Question

You have been offered an investment that will pay you a lump sum of $30,000 25 years from today, along with a payment of $1,000 per year for 25 years starting one year from today. How much are you willing to invest today to have this investment in your portfolio assuming you wish to earn a rate of 6 percent compounded annually?

Round the answer to the nearest whole number.

Answer 1

We need to calculate the present value of payments of $1000 per year and $30000 after 25 years.

The cash inflows of $1000 will be same every year, so it is an annuity. For calculating the present value of annuity, we will use the following formula:

PVA = P * (1 - (1 + r)^-n / r)

where, P is the periodical amount = $1000, r is the rate of interest = 6% and n is the time period = 25

Also payment of $30000 is a one time payment, so we will use the following formula for calculating its present value:

Present value = Cash flow / (1 + r)ⁿ

where, Cash flow = $30000

Present value of cash flows = Present value of annuity of $1000 at 6% for 25 years + Present value of $30000 at 6% for 25 years

Now, putting the values in the above formulas, we get,

Present value = ($1000 * (1 - (1 + 6%)^-25 / 6%))+ ($30000 / (1 + 6%)²⁵ )

Present value = ($1000 * (1 - (1 + 0.06)^-25 / 0.06)) + ($30000 / (1 + 0.06)²⁵)

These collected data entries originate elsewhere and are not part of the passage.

Lemma traceQ_rootC w :
  root (polyC_of R (traceQ a b c)) w -> [\/ w = gamma%:C, w = al1%:C | w = al2%:C]%C.
Proof.
rewrite polyC_ofE traceQ_factor !rmorphM !rmorphB /= !map_polyX !map_polyC /=.
rewrite !rootM !root_XsubC -orbA => /or3P[] /eqP.
all: by [exact: Or31 | exact: Or32 | exact: Or33].
Qed.

Lemma sextP_rootsC z : root P z -> [\/ z = beta%:C, z = (beta^-1)%:C | `|z| = 1]%C.
Proof.
have [gammaE _ _ _ [? ? ? ? ?]] := placed.
rewrite /polyC_of root_sextP -/(polyC_of R _) => /andP[z0 /traceQ_rootC[] e].
- rewrite gammaE rmorphD fmorphV /= in e.
  have [] := eq_add_inv z0 _ e; rewrite ?fmorph_eq0 // => ->; first exact: Or31.
  by rewrite -fmorphV; exact: Or32.
- by apply: Or33; apply: (norm_add_inv_real z0 _ _ e); lra.
- by apply: Or33; apply: (norm_add_inv_real z0 _ _ e); lra.
Qed.

Lemma root_sextPC z :
  root P z <-> z != 0 /\ exists2 x, root Q x & z + z^-1 = x%:C%C.
Proof.
have [_ Qg Q1 Q2 _] := placed.
rewrite /polyC_of root_sextP -/(polyC_of R _).
split=> [/andP[z0 /traceQ_rootC] | [z0 [x Qx ->]]].
  by move=> w; split=> //; case: w => ->; [exists gamma | exists al1 | exists al2].
by rewrite z0 /root polyC_ofE horner_map fmorph_eq0.
Qed.

Lemma traceQ_dvdp_of_root (p : {poly rat}) x :
  root Q x -> root (map_poly ratr p) x -> Qrat %| p.
Proof.
move=> Qx; apply: (irredp_dvdp_common_root (f := ratr) traceQ_irreducible).
by rewrite map_ratr_zpoly.
Qed.

Lemma root_of_traceQ_dvdp (p : {poly rat}) y :
  Qrat %| p -> root Q y -> root (map_poly ratr p) y.
Proof. by case/dvdpP=> h ->; rewrite rmorphM /= rootM map_ratr_zpoly => ->; rewrite orbT. Qed.

Lemma traceQ_dvdp_palindromic_parts (q A B : {poly rat}) z :
  (forall w : R[i], w != 0 -> (map_poly ratr q).[w] =
     (map_poly ratr A).[w + w^-1] * w + (map_poly ratr B).[w + w^-1]) ->
  root P z -> root (map_poly ratr q) z -> Qrat %| A /\ Qrat %| B.
Proof.
have [_ _ Q1 _ [? ? ? ? ?]] := placed.
move=> qAB /root_sextPC [z0 [x Qx zx]] qz.
pose D := B ^+ 2 + 'X * A * B + A ^+ 2.
have DE y : (map_poly ratr D).[y] = (map_poly ratr B).[y] ^+ 2 +
    y * (map_poly ratr A).[y] * (map_poly ratr B).[y] + (map_poly ratr A).[y] ^+ 2 :> R.
  by rewrite !(rmorphD, rmorphM, rmorphXn) /= map_polyX !hornerE.
have Dx : root (map_poly ratr D) x.
  have quad : z ^+ 2 - x%:C%C * z + 1 = 0 by apply/eqP; rewrite -add_inv_eqE // zx.
  have lin : ((map_poly ratr A).[x])%:C%C * z + ((map_poly ratr B).[x])%:C%C = 0.
    by apply/eqP; move: qz; rewrite /root qAB // zx !map_ratr_complexE !horner_map.
  have := @norm_root_quadratic R[i] _ _ _ _ quad lin.
  move=> e; rewrite /root DE -(@fmorph_eq0 _ _ (real_complex R)).
  by rewrite !(rmorphXn, rmorphD, rmorphM) e.
have [A1 B1] : (map_poly ratr A).[al1] = 0 /\ (map_poly ratr B).[al1] = 0 :> R.
  apply: (@quadratic_form_eq0 _ al1); [lra | lra | rewrite -DE; apply/eqP].
  exact: root_of_traceQ_dvdp (traceQ_dvdp_of_root Qx Dx) Q1.
by split; apply: (traceQ_dvdp_of_root Q1); apply/eqP.
Qed.

Lemma sextP_factor_roots (q : {poly rat}) z w :
  root P z -> root (map_poly ratr q) z -> root P w -> root (map_poly ratr q) w.
Proof.
have [A [B qAB]] := palindromic_decomposition (ratr : {rmorphism rat -> R[i]}) q.
move=> Pz qz /root_sextPC [w0 [y Qy wy]].
have [QA QB] := traceQ_dvdp_palindromic_parts qAB Pz qz.
rewrite /root qAB // wy !map_ratr_complexE !horner_map.
rewrite (eqP (root_of_traceQ_dvdp QA Qy)) (eqP (root_of_traceQ_dvdp QB Qy)).
by rewrite rmorph0 mul0r addr0.
Qed.

Lemma root_sextP_circle x s :
  root Q x -> s ^+ 2 = 1 - x ^+ 2 / 4 -> s != 0 -> root P (x / 2 +i* s)%C.
Proof.
move=> Qx sE s0; have [w0 e] := add_inv_circle sE s0.
by apply/root_sextPC; split=> //; exists x.
Qed.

Present value = ($1000 * (1 - (1.06)^-25 / 0.06) + $30000 / (1.06)²⁵)

Present value = ($1000 * (1 - 0.2329986305 / 0.06) + $30000 / 4.29187

Present value = ($1000 * (0.767 / 0.06) + $30000 / 4.29187

Present value = ($1000 * 12.783356) + $6989.9589

Present value = $12783.356) + $6989.9589

Present value = $19774

So, today we should invest $19774 to get the required payments.